▸ **Assignment**
Reproduce every line in the listing that contains the word "IncreasingSequences".

▸ **Extracted entries**
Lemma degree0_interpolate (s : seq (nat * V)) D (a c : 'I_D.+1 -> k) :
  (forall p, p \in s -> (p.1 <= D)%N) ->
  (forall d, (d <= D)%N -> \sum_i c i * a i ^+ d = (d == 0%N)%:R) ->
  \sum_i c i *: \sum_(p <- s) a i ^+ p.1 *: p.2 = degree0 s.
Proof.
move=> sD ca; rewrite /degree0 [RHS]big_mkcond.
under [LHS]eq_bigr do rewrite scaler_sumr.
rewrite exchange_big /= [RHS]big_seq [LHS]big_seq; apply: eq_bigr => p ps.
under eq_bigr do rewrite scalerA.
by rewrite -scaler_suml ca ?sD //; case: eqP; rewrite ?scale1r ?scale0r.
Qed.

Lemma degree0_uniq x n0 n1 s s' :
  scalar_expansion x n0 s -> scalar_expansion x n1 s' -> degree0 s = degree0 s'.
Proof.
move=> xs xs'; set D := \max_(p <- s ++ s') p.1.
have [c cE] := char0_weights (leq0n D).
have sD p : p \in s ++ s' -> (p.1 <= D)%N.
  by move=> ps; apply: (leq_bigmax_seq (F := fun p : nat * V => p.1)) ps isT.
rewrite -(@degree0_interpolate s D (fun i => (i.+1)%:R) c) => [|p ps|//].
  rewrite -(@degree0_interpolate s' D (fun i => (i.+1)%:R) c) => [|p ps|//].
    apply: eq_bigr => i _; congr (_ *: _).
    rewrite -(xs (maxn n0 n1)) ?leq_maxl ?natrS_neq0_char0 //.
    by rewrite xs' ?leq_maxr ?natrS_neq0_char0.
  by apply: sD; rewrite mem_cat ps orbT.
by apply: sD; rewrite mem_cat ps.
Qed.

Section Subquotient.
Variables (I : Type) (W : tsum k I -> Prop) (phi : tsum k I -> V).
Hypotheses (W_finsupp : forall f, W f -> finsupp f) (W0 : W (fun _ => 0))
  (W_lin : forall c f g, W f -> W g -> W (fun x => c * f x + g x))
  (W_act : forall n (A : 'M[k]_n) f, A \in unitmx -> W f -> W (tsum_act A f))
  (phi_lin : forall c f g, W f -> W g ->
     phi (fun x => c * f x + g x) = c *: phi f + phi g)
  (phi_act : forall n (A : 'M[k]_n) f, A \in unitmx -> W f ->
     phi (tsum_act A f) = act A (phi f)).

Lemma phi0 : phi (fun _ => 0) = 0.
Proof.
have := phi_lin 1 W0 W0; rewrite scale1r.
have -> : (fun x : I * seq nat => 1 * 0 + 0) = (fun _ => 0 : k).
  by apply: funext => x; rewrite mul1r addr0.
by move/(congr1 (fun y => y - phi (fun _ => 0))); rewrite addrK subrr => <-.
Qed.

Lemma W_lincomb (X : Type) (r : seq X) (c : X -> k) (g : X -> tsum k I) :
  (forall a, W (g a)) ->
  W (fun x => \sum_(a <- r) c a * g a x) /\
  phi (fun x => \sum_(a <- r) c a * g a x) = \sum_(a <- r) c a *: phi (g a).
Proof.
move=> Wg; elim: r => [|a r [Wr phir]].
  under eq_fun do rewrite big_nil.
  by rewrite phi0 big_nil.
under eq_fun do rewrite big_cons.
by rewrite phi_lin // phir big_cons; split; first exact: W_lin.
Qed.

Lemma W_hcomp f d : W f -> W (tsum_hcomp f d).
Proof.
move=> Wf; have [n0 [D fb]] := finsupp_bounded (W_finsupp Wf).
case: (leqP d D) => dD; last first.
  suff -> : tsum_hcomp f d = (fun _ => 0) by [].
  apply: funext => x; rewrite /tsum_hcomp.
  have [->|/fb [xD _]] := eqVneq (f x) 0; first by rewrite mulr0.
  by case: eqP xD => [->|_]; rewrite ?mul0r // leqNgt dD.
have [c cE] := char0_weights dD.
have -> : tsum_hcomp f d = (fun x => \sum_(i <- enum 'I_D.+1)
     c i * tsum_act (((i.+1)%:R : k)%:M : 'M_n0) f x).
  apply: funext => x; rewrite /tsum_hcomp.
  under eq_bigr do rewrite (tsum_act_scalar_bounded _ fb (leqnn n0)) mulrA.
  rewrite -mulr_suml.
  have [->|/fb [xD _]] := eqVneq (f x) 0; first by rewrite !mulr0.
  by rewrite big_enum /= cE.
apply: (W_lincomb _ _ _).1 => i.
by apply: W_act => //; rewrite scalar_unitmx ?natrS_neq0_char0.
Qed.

---

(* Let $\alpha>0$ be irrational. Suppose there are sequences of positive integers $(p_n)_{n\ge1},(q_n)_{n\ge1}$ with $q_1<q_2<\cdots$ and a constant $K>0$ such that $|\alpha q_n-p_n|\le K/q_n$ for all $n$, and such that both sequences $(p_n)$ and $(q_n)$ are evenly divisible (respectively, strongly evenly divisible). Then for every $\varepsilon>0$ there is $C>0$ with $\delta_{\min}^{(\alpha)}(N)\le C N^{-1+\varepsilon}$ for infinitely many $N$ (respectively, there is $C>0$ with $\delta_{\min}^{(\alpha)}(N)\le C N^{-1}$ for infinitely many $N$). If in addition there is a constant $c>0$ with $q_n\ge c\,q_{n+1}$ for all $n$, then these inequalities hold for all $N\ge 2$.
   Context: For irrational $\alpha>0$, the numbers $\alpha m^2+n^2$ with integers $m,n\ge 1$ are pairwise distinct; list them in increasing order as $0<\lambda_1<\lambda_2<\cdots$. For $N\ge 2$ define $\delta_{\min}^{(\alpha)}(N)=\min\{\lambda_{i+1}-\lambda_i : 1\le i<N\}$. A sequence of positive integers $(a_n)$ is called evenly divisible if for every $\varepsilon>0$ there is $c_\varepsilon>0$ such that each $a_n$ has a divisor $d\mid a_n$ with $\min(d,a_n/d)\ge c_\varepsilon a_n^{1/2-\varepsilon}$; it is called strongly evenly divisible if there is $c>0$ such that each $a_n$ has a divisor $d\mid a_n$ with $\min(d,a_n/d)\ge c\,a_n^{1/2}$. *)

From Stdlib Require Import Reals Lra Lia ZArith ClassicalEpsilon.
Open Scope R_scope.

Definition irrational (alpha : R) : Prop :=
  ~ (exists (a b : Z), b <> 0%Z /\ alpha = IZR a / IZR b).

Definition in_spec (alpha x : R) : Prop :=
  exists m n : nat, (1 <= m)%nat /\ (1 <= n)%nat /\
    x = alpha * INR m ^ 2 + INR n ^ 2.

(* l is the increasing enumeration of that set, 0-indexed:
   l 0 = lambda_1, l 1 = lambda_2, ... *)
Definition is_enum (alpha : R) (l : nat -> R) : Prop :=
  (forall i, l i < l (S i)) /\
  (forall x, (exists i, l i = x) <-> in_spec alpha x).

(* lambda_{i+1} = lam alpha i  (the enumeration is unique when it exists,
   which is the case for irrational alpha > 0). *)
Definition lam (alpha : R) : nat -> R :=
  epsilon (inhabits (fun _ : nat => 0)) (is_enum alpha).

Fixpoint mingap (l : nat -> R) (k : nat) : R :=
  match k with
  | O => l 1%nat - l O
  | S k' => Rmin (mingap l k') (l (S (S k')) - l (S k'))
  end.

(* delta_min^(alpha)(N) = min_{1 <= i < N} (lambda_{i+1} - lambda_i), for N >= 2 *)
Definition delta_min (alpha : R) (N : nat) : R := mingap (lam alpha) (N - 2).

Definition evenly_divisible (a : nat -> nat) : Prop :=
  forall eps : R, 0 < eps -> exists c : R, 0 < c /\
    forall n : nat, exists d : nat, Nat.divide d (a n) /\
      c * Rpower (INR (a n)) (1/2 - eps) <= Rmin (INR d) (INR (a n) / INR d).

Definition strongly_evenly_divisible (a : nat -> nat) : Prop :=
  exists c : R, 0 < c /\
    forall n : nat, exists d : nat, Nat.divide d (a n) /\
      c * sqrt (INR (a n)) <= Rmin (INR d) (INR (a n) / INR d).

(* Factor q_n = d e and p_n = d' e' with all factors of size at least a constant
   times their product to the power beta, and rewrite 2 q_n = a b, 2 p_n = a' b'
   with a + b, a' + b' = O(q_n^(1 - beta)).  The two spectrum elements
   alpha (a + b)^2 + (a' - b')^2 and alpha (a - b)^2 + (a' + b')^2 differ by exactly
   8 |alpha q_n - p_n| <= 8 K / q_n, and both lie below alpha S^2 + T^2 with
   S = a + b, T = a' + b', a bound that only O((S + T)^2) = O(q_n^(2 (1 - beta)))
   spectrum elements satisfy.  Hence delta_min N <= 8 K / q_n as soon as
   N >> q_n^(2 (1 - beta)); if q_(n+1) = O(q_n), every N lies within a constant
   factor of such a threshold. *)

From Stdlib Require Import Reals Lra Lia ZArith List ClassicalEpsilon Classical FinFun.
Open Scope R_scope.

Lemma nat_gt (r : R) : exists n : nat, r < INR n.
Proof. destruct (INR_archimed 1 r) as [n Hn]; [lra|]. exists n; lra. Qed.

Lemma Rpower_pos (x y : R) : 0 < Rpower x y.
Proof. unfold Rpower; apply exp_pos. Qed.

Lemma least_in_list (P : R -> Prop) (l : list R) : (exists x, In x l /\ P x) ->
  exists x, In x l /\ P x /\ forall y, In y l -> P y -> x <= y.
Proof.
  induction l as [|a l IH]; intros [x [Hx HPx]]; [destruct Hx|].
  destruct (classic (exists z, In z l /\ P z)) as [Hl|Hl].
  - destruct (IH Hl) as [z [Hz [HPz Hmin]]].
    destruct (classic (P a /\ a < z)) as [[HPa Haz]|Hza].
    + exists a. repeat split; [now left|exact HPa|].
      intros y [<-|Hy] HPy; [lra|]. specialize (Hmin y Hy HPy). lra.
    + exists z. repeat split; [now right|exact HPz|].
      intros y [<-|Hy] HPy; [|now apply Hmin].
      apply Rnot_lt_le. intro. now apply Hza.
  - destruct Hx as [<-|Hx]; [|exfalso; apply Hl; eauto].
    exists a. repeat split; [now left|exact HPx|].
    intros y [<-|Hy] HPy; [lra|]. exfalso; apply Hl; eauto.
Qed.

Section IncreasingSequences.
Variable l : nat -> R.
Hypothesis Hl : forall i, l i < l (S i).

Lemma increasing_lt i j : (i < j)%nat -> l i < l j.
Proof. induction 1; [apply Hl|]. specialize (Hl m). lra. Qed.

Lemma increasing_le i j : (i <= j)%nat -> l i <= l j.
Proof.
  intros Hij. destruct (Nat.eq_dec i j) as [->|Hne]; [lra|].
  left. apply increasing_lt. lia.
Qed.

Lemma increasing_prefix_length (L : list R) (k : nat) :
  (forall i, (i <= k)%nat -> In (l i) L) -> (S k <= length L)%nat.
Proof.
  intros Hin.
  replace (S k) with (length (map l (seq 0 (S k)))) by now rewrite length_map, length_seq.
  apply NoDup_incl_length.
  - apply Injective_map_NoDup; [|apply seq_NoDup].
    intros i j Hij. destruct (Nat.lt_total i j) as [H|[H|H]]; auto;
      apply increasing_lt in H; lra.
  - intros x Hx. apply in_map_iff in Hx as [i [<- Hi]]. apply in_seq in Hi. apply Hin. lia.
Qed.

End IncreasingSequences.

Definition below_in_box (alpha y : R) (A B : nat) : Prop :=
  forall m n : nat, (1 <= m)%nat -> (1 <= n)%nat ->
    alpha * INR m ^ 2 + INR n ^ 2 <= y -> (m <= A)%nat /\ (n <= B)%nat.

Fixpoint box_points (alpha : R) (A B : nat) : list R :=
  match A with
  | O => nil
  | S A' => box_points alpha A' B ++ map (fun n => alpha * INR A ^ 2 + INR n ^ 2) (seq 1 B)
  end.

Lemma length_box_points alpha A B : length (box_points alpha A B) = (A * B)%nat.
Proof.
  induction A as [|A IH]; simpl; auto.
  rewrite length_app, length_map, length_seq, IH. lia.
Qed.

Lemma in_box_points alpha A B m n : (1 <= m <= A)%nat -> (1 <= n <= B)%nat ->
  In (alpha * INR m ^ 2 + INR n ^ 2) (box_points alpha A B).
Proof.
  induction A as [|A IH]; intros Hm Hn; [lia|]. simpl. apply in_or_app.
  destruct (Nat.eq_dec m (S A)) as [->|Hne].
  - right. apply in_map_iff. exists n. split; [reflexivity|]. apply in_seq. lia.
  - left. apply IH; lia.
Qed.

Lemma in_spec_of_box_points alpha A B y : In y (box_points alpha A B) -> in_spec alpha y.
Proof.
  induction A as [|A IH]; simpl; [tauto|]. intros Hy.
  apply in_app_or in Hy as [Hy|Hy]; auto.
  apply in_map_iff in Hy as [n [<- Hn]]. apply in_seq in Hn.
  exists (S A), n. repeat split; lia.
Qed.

==

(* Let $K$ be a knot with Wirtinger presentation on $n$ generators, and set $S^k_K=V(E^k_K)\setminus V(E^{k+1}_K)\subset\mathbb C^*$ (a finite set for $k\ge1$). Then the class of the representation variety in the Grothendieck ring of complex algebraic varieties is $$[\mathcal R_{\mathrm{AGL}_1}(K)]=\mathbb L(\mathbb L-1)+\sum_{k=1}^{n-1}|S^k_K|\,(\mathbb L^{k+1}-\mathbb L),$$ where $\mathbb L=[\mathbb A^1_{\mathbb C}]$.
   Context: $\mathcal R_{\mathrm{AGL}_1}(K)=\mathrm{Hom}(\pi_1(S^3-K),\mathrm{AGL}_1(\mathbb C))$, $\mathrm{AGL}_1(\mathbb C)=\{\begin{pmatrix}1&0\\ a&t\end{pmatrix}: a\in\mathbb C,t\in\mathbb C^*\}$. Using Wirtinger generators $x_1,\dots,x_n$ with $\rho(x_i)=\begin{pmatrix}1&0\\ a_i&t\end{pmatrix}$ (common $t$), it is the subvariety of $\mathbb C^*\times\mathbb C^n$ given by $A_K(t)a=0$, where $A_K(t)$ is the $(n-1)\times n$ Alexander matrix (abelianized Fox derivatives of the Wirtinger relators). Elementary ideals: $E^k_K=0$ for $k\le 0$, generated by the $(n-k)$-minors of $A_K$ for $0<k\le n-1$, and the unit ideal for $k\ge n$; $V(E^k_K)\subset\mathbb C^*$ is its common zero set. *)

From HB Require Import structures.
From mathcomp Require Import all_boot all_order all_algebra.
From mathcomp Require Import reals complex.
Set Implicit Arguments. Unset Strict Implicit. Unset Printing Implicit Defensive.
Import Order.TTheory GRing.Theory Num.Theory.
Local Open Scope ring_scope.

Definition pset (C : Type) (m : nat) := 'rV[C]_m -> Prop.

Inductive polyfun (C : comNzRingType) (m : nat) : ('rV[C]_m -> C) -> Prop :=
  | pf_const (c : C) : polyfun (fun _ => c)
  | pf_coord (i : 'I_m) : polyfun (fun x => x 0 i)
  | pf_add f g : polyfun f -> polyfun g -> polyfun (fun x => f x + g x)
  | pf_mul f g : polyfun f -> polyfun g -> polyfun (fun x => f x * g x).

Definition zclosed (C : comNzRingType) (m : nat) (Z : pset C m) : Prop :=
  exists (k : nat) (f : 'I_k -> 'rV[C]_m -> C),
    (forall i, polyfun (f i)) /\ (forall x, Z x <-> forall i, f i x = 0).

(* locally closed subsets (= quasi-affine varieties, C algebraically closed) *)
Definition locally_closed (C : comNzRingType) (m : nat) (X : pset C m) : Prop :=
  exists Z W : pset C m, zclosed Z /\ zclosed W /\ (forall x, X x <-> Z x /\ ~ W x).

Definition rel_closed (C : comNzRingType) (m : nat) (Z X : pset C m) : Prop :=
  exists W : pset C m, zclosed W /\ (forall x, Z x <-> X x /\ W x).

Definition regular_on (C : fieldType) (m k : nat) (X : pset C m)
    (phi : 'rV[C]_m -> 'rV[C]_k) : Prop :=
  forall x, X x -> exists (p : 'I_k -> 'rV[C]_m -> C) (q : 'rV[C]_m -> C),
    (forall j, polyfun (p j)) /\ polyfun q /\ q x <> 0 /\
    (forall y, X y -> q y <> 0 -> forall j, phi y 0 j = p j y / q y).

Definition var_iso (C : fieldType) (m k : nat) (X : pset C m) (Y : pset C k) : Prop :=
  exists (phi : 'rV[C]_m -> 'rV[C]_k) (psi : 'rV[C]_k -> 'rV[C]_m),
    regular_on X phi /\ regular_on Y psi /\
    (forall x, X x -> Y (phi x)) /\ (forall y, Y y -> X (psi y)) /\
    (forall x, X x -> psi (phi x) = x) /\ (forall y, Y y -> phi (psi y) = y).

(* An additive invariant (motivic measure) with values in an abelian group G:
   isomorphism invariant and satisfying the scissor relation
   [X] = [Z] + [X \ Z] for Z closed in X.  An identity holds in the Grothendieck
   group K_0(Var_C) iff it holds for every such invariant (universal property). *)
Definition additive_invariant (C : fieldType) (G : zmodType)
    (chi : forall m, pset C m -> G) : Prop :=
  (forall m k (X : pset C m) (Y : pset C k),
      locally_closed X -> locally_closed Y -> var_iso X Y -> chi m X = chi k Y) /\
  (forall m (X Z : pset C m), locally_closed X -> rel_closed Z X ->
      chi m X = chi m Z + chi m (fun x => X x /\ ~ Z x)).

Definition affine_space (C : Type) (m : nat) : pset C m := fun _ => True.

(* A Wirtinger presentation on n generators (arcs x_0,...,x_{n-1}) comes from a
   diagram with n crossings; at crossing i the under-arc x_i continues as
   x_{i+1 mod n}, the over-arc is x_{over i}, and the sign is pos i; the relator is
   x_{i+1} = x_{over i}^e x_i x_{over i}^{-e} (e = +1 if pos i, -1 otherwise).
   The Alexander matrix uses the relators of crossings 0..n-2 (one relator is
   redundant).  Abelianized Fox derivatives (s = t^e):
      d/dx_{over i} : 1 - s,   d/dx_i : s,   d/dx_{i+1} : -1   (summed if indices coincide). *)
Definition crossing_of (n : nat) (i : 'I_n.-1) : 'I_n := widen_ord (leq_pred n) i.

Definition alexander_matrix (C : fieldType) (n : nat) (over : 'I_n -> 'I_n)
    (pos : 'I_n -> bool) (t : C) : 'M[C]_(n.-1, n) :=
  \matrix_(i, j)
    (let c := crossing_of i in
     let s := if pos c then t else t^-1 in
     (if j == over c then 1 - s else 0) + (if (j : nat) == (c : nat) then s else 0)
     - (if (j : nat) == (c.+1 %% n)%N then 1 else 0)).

▸ **Solution**
Section IncreasingSequences.
End IncreasingSequences.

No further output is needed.